# How to I see my husbands deleted history on iphone?



## Fiftyshades

About us - Late twenties and married 6 years with 2 kids ages 5 and 3.

A little while ago, I caught my husband downloading really creepy porn. The creepy thing is that the girls look young. I know its common (although irritating IMO) for men to idealize high school aged girls but the pictures were of very skinny, flat chested, innocent looking, no make-up girls. Some of the girls looked like they were 10! 

I realize my propensity towards overreacting so I asked a couple of guy friends and they agreed that several of the pictures looked legal but several also looked ILLEGAL and creepy. 

I confronted him saying if I ever saw anything like this ever again, I would divorce him and report him to the police and tell everyone he knew. He totally minimizes it and rolls his eyes saying I'm over-reacting. 
------------

I should mention that I don't care about porn at all.. I've watched it with him, with out him... It doesn't bother me at all. We have different sleeping schedules and I know he beats off before he goes to bed and he watches it on his iphone.
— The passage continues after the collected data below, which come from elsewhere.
(* Let $\pi\in D_n$ and use the block decomposition and notation described in the context. Assume $r_\mu\ge 1$ and $\sum_{j=1}^{r_\mu} i_{k_j}\le k_1$ (i.e. $\Phi(\pi)$ is a standard OGS elementary element). Then $\pi$ can be written uniquely as $\pi=\pi^{\bullet}\cdot\pi^{\circ}$ with $\pi^{\bullet}\in Id^{\bullet}_n$ and $\pi^{\circ}\in S^{\circ}_n$, and $$\pi^{\circ}=\prod_{j=1}^{r_\mu}t_{k_j}^{i_{k_j}},\qquad \pi^{\bullet}=\Big(\prod_{\alpha\in A} w_{\operatorname{maj}_\alpha(\pi)}\Big)\cdot w_{L_{1_1}}\cdots w_{L_{1_{\nu_1}}}\cdot w_{L_{2_1}}\cdots w_{L_{2_{\nu_2}}}\cdots w_{L_{(\mu-1)_1}}\cdots w_{L_{(\mu-1)_{\nu_{\mu-1}}}},$$ where $A=\{\alpha\in\{1,\dots,\mu-1\}:\ \nu_\alpha \text{ is odd and } 1\le \operatorname{maj}_\alpha(\pi)<k_1\}$, the first product taken in increasing order of $\alpha$. Moreover, viewed in $S_n$, $\pi^{\circ}$ has the same standard OGS form as $\Phi(\pi)$.
   Context: $D_n$ ($n\ge2$) is the Coxeter group with generators $s_{1'},s_1,\dots,s_{n-1}$ and relations $s^2=1$, $(s_i s_{i+1})^3=1$, $(s_is_j)^2=1$ for $|i-j|\ge 2$, $(s_{1'}s_2)^3=1$, $(s_{1'}s_i)^2=1$ for $i\ne 2$. Put $t_k=s_1\cdots s_{k-1}$ ($2\le k\le n$), $w_k=s_k s_{k-1}\cdots s_2 s_1 s_{1'} s_2\cdots s_k$ ($1\le k\le n-1$). Every $\pi\in D_n$ has a unique expression $w_{1}^{j_{1}} t_{2}^{i_{2}} w_{2}^{j_{2}} \cdots w_{n-1}^{j_{n-1}} t_{n}^{i_{n}}$ ($0\le i_k\le k-1$, $0\le j_k\le1$). $\Phi:D_n\to S_n$ is the homomorphism $s_{1'}\mapsto s_1$, $s_i\mapsto s_i$; $\Phi(\pi)=t_2^{i_2}\cdots t_n^{i_n}$ in $S_n$. $S^{\circ}_n=\langle s_1,\dots,s_{n-1}\rangle\le D_n$, and $Id^\bullet_n=\{\pi:\Phi(\pi)=1\}=\langle w_1,\dots,w_{n-1}\rangle$. Block decomposition: deleting factors with zero exponent, the expression of $\pi$ becomes a word of factors $t_k^{i}$ ($i\ge1$) and $w_L$; grouping maximal runs gives $\pi=\pi_1^\circ\pi_1^\bullet\pi_2^\circ\pi_2^\bullet\cdots\pi_{\mu-1}^\circ\pi_{\mu-1}^\bullet\pi_\mu^\circ$, where each $\pi_\alpha^\bullet=w_{L_{\alpha_1}}\cdots w_{L_{\alpha_{\nu_\alpha}}}$ ($\nu_\alpha\ge1$, $L_{\alpha_1}<\dots<L_{\alpha_{\nu_\alpha}}$) is a maximal run of $w$-factors, each $\pi_\alpha^\circ$ with $2\le\alpha\le\mu-1$ is a nonempty maximal run of $t$-factors, and $\pi_1^\circ,\pi_\mu^\circ$ are runs of $t$-factors that may be empty ($=1$). Listing all $t$-factors in order as $t_{k_1}^{i_{k_1}},\dots,t_{k_{r_\mu}}^{i_{k_{r_\mu}}}$ ($k_1<\dots<k_{r_\mu}$), $\pi_\alpha^\circ$ consists of those with indices $r_{\alpha-1}+1,\dots,r_\alpha$ ($r_0=0$). Define $\operatorname{maj}_\alpha(\pi)=\sum_{j=1}^{r_\alpha}i_{k_j}$. *)

(* D_n is realized concretely as the group of even signed
   permutations of {+-1,...,+-n}: permutations of bool * 'I_n (the boolean is
   the sign, true = negative; point k in 1..n is the ordinal k-1), generated by
   the images of the Coxeter generators s_{1'}, s_1, ..., s_{n-1}. *)
From mathcomp Require Import all_boot all_order all_fingroup.
Set Implicit Arguments.
Unset Strict Implicit.
Unset Printing Implicit Defensive.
Again, this doesn't bother me and he doesn't hide this either. I've walked in on him a few times too.. again no big deal.
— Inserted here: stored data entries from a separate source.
Lemma measurable_min_weight_except (p : 'I_n -> R) (t : R) :
  measurable_fun (setT : set (g_sigma_algebraType cylinders_except))
    (fun om => min_weight_improving p (erase_coord i (fun j => w j om)) t i).
Proof. exact: measurable_min_weight_improving measurable_erase_coord_except. Qed.

Hypothesis hindep : mutually_independent w.

Lemma indep_cylinders_except (A : set T) (B : set R) :
  cylinders_except A -> measurable B ->
  P (A `&` w i @^-1` B) = (P A * P (w i @^-1` B))%E.
Proof.
move=> [C [mC ->]] mB.
pose C' j := if j == i then B else C j.
have mC' j : measurable (C' j) by rewrite /C'; case: ifP.
have -> : \bigcap_(j in [set j | j \in [set~ i]%SET]) (w j @^-1` C j) `&` w i @^-1` B
    = \bigcap_(j in [set j | j \in [set: 'I_n]%SET]) (w j @^-1` C' j).
  apply/seteqP; split => x.
    move=> [hC hB] j _; rewrite /C'; case: eqP => [->//|/eqP ji].
    by apply: hC; rewrite /= in_setC1.
  move=> h; split; last by have := h i; rewrite /C' eqxx; apply; exact: finset.in_setT.
  move=> j; rewrite /= in_setC1 => ji.
  by have := h j; rewrite /C' (negbTE ji); apply; exact: finset.in_setT.
rewrite hindep // hindep // (bigD1 i) ?finset.in_setT //= muleC /C' eqxx.
congr (_ * _)%E; apply: eq_big => j; first by rewrite finset.in_setT in_setC1.
by move=> /andP[_ /negbTE ->].
Qed.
Today I had something to tell him before he went to sleep so I walked in on him, said what I needed to say and then I asked to see his phone. He said no and then deleted the history. He said it's embarrassing and that he deserved privacy and I'm like "Ummmm no! You lost your right to privacy when I found what I did and I clearly stated that if you want to be married to me that this is the way it had to be. I don't hide anything from you!" 
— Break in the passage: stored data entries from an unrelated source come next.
(* Let $S$ be a numerical semigroup with set of nonzero Apéry elements $X$, depth $q$, $\rho=qm-c$, and $D=S^*+S^*$. Let $$X_0=\{z\in X\cap D \mid \exists\, x,y\in X,\ z=x+y,\ \delta(x)+\delta(y)=\delta(z)+q-1\}.$$ Then $|X_0|\le\rho$.
   Context: A numerical semigroup is a subset $S\subseteq\mathbb N$ containing $0$, closed under addition, with finite complement; $S^*=S\setminus\{0\}$, $m=\min S^*$, $c=\max(\mathbb Z\setminus S)+1$, $q=\lceil c/m\rceil$, $\rho=qm-c\in[0,m)$. $X=\{s\in S^*: s-m\notin S\}$. For $x\in S$, $\delta(x)$ is the unique integer such that $x+\delta(x)m\in[c,c+m-1]$. *)

From mathcomp Require Import all_boot all_order all_algebra.
Import Order.TTheory GRing.Theory Num.Theory.

Definition numerical_semigroup (S : pred nat) : Prop :=
  [/\ 0 \in S,
      (forall a b, a \in S -> b \in S -> a + b \in S)
    & exists N, forall n, N <= n -> n \in S].

Definition is_multiplicity (S : pred nat) (m : nat) : Prop :=
  [/\ m \in S, 0 < m & forall s, s \in S -> 0 < s -> m <= s].

(* c = max (Z \ S) + 1, i.e. the least integer c such that every integer >= c
   lies in S (c >= 0 always, since negative integers are not in S). *)
Definition is_conductor (S : pred nat) (c : nat) : Prop :=
  (forall n, c <= n -> n \in S) /\
  (forall k, (forall n, k <= n -> n \in S) -> c <= k).

(* q = ceil(c/m) (for m > 0) *)
Definition depth (m c : nat) : nat := (c + m.-1) %/ m.

Definition rho (m c : nat) : nat := depth m c * m - c.

(* X = { s in S^* : s - m \notin S } (s - m taken in Z) *)
Definition apery_nz (S : pred nat) (m s : nat) : bool :=
  [&& s \in S, 0 < s & ~~ ((m <= s) && (s - m \in S))].

Definition in_D (S : pred nat) (z : nat) : Prop :=
  exists a b, [/\ a \in S, 0 < a, b \in S, 0 < b & z = a + b].

Definition is_delta (S : pred nat) (m c : nat) (delta : nat -> int) : Prop :=
  forall x, x \in S ->
    (c%:Z <= x%:Z + delta x * m%:Z <= c%:Z + m%:Z - 1)%R.

Definition X0 (S : pred nat) (m c : nat) (delta : nat -> int) (z : nat) : Prop :=
  [/\ apery_nz S m z, in_D S z &
      exists x y, [/\ apery_nz S m x, apery_nz S m y, z = x + y &
        (delta x + delta y = delta z + (depth m c)%:Z - 1)%R]].

(* The Apéry elements have pairwise distinct residues modulo m, and for x in S
   the number r(x) = x + delta(x) m - c is congruent to x - c modulo m and
   lies in [0, m). If z = x + y with delta(x) + delta(y) = delta(z) + q - 1,
   then r(z) = r(x) + r(y) + c - (q - 1) m >= m - rho, so r maps X_0
   injectively into the interval [m - rho, m) of length rho. *)
From mathcomp Require Import all_boot all_order all_algebra.
From mathcomp Require Import zify.
Import Order.TTheory GRing.Theory Num.Theory.

Set Implicit Arguments.
Unset Strict Implicit.

Lemma uniq_size_le_interval (T : eqType) (s : seq T) (f : T -> nat) a n :
  uniq s -> {in s &, injective f} -> (forall x, x \in s -> a <= f x < a + n) ->
  size s <= n.
Proof.
move=> us finj fs; rewrite -(size_map f) -(size_iota a n).
apply: uniq_leq_size; first by rewrite map_inj_in_uniq.
by move=> _ /mapP [x xs ->]; rewrite mem_iota fs.
Qed.

Lemma depth_mul_ge m c : 0 < m -> c <= depth m c * m.
Proof.
move=> m_gt0; rewrite /depth.
have := divn_eq (c + m.-1) m; have := ltn_pmod (c + m.-1) m_gt0; lia.
Qed.

Lemma rho_lt m c : 0 < m -> rho m c < m.
Proof.
move=> m_gt0; rewrite /rho /depth.
have := leq_divM (c + m.-1) m; lia.
Qed.

Section Apery.

Context {S : pred nat} {m : nat}.
Hypotheses (semigroupS : numerical_semigroup S) (mS : m \in S).

Lemma apery_mem z : apery_nz S m z -> z \in S.
Proof. by case/and3P. Qed.

Lemma mem_addnM x k : x \in S -> x + k * m \in S.
Proof.
case: semigroupS => _ addS _ xS; elim: k => [|k IHk]; first by rewrite addn0.
by rewrite mulSn addnCA addnC addS.
Qed.

Lemma apery_eqmod z1 z2 :
  apery_nz S m z1 -> apery_nz S m z2 -> z1 = z2 %[mod m] -> z1 = z2.
Proof.
wlog le12 : z1 z2 / z1 <= z2.
  move=> W ap1 ap2 e; case: (leqP z1 z2) => [|/ltnW] le; first exact: W.
  by symmetry; apply: W.
move=> /and3P [z1S _ _] /and3P [_ _ not_z2m] /eqP.
rewrite eq_sym eqn_mod_dvd // => /dvdnP [[|k] e]; first lia.
move: not_z2m; have -> : z2 - m = z1 + k * m by rewrite mulSn in e; lia.
by rewrite mem_addnM // andbT -ltnNge; lia.
Qed.

End Apery.

Definition residue (m c : nat) (delta : nat -> int) (z : nat) : int :=
  (z%:Z + delta z * m%:Z - c%:Z)%R.

Lemma residue_eqmod m c delta z1 z2 :
  residue m c delta z1 = residue m c delta z2 -> z1 = z2 %[mod m].
Proof.
rewrite /residue => e; apply/eqP; rewrite -eqz_nat -!modz_nat.
have -> : (z1%:Z = (delta z2 - delta z1) * m%:Z + z2%:Z)%R.
  by rewrite mulrBl; lia.
by rewrite modzMDl.
Qed.

Section Residue.

Context {S : pred nat} {m c : nat} {delta : nat -> int}.
Hypothesis deltaP : is_delta S m c delta.

Lemma residue_bounds z : z \in S -> (0 <= residue m c delta z < m%:Z)%R.
Proof. by move/deltaP; rewrite /residue; lia. Qed.

Lemma X0_residue_ge z :
  0 < m -> X0 S m c delta z -> (m%:Z - (rho m c)%:Z <= residue m c delta z)%R.
Proof.
move=> m_gt0 [/apery_mem zS _ [x [y [/apery_mem xS /apery_mem yS ez e]]]].
subst z; have := deltaP xS; have := deltaP yS; have := deltaP zS.
have qm_ge := depth_mul_ge c m_gt0.
set q := depth m c in e qm_ge *.
have eM : ((delta x + delta y) * m%:Z = (delta (x + y) + q%:Z - 1) * m%:Z)%R.
  by rewrite e.
move: eM; rewrite /residue /rho !mulrDl mulN1r.
have -> : ((q * m - c)%:Z = q%:Z * m%:Z - c%:Z)%R by lia.
lia.
Qed.

End Residue.

Theorem proposition3p20 (S : pred nat) (m c : nat) (delta : nat -> int) :
  numerical_semigroup S -> is_multiplicity S m -> is_conductor S c ->
  is_delta S m c delta ->
  forall s : seq nat, uniq s -> (forall z, z \in s -> X0 S m c delta z) ->
  size s <= rho m c.
Proof.
move=> semigroupS [mS m_gt0 _] _ deltaP s us sX0.
have apery_s z : z \in s -> apery_nz S m z by case/sX0.
apply: (@uniq_size_le_interval _ s (fun z => `|residue m c delta z|%N)
          (m - rho m c) _ us).
- move=> z1 z2 /apery_s ap1 /apery_s ap2 e.
  apply: (apery_eqmod semigroupS mS ap1 ap2).
  apply: (residue_eqmod (c := c) (delta := delta)).
  have := residue_bounds deltaP (apery_mem ap1).
  have := residue_bounds deltaP (apery_mem ap2).
  by move: e; lia.
- move=> z zs; have := X0_residue_ge deltaP m_gt0 (sX0 z zs).
  have := residue_bounds deltaP (apery_mem (apery_s z zs)).
  have := rho_lt c m_gt0; lia.
Qed.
I'm done worrying about it. I need to know if my husband is a pedofile. Is there a way I can hack into his iphone to record the history or recover deleted history with out him knowing? 

What happens if he is?


----------



## onemic

I also looked into breaking into my wife's iphone to do some spying but unfortunately the phone must be jail broken inorder to install a spyware. 
As for the teen or whatever porn I think you need to speak to specialist together on that subject.
But if you guys share a laptop you can install a keylogger which can record every password he types and sites visited etc... 
Maybe purchase something and set him up! 
I just installed a keylogger on my Mac but my wife has not yet used the laptop.
_Posted via Mobile Device_


----------



## badbane

Yes please let me know what you find. The link in my signature should take you to a thread that will help. there is a iphone backup program. If you think it is real. Please PM me the url links so I can get them to the proper authorities who shut those sites don.


----------



## somethingelse

I don't think you can hack into his phone...

Do you know of any pass codes he has used in front of you before? If you get into his phone, go into settings, safari, then scroll down to advanced, click on website data. it will show you what sites he's been visiting..so long as he hasn't cleared cookies and history.


----------



## HappyHubby

I will say this is from a guy's perspective who has been addicted to porn at various times. It really does feel like a personal thing because he was likely doing this since quite young, long before he met you. It's his personal fantasy world that is not easy to share with others, even you. My wife has watched porn with me before but its not the same.

When you watch lots of porn over long periods of time you crave novelty. It is equivalent to a drug that loses its strength and you have to up the dosage. He is likely not a fullblown pedophile just someone who needs to keep pushing the boundaries to get him aroused. This I know from experience. He CAN drop it and not crave it again. You might even find he wants to see other wierd things like girls peeing or girls performing beastiality or whatever and what turns him on now might get old and he'll move on to something else thats on the edge. 

Its not that he wants to participate in these acts necessarily. The voyeurism is a turn on and the inappropriateness is also. 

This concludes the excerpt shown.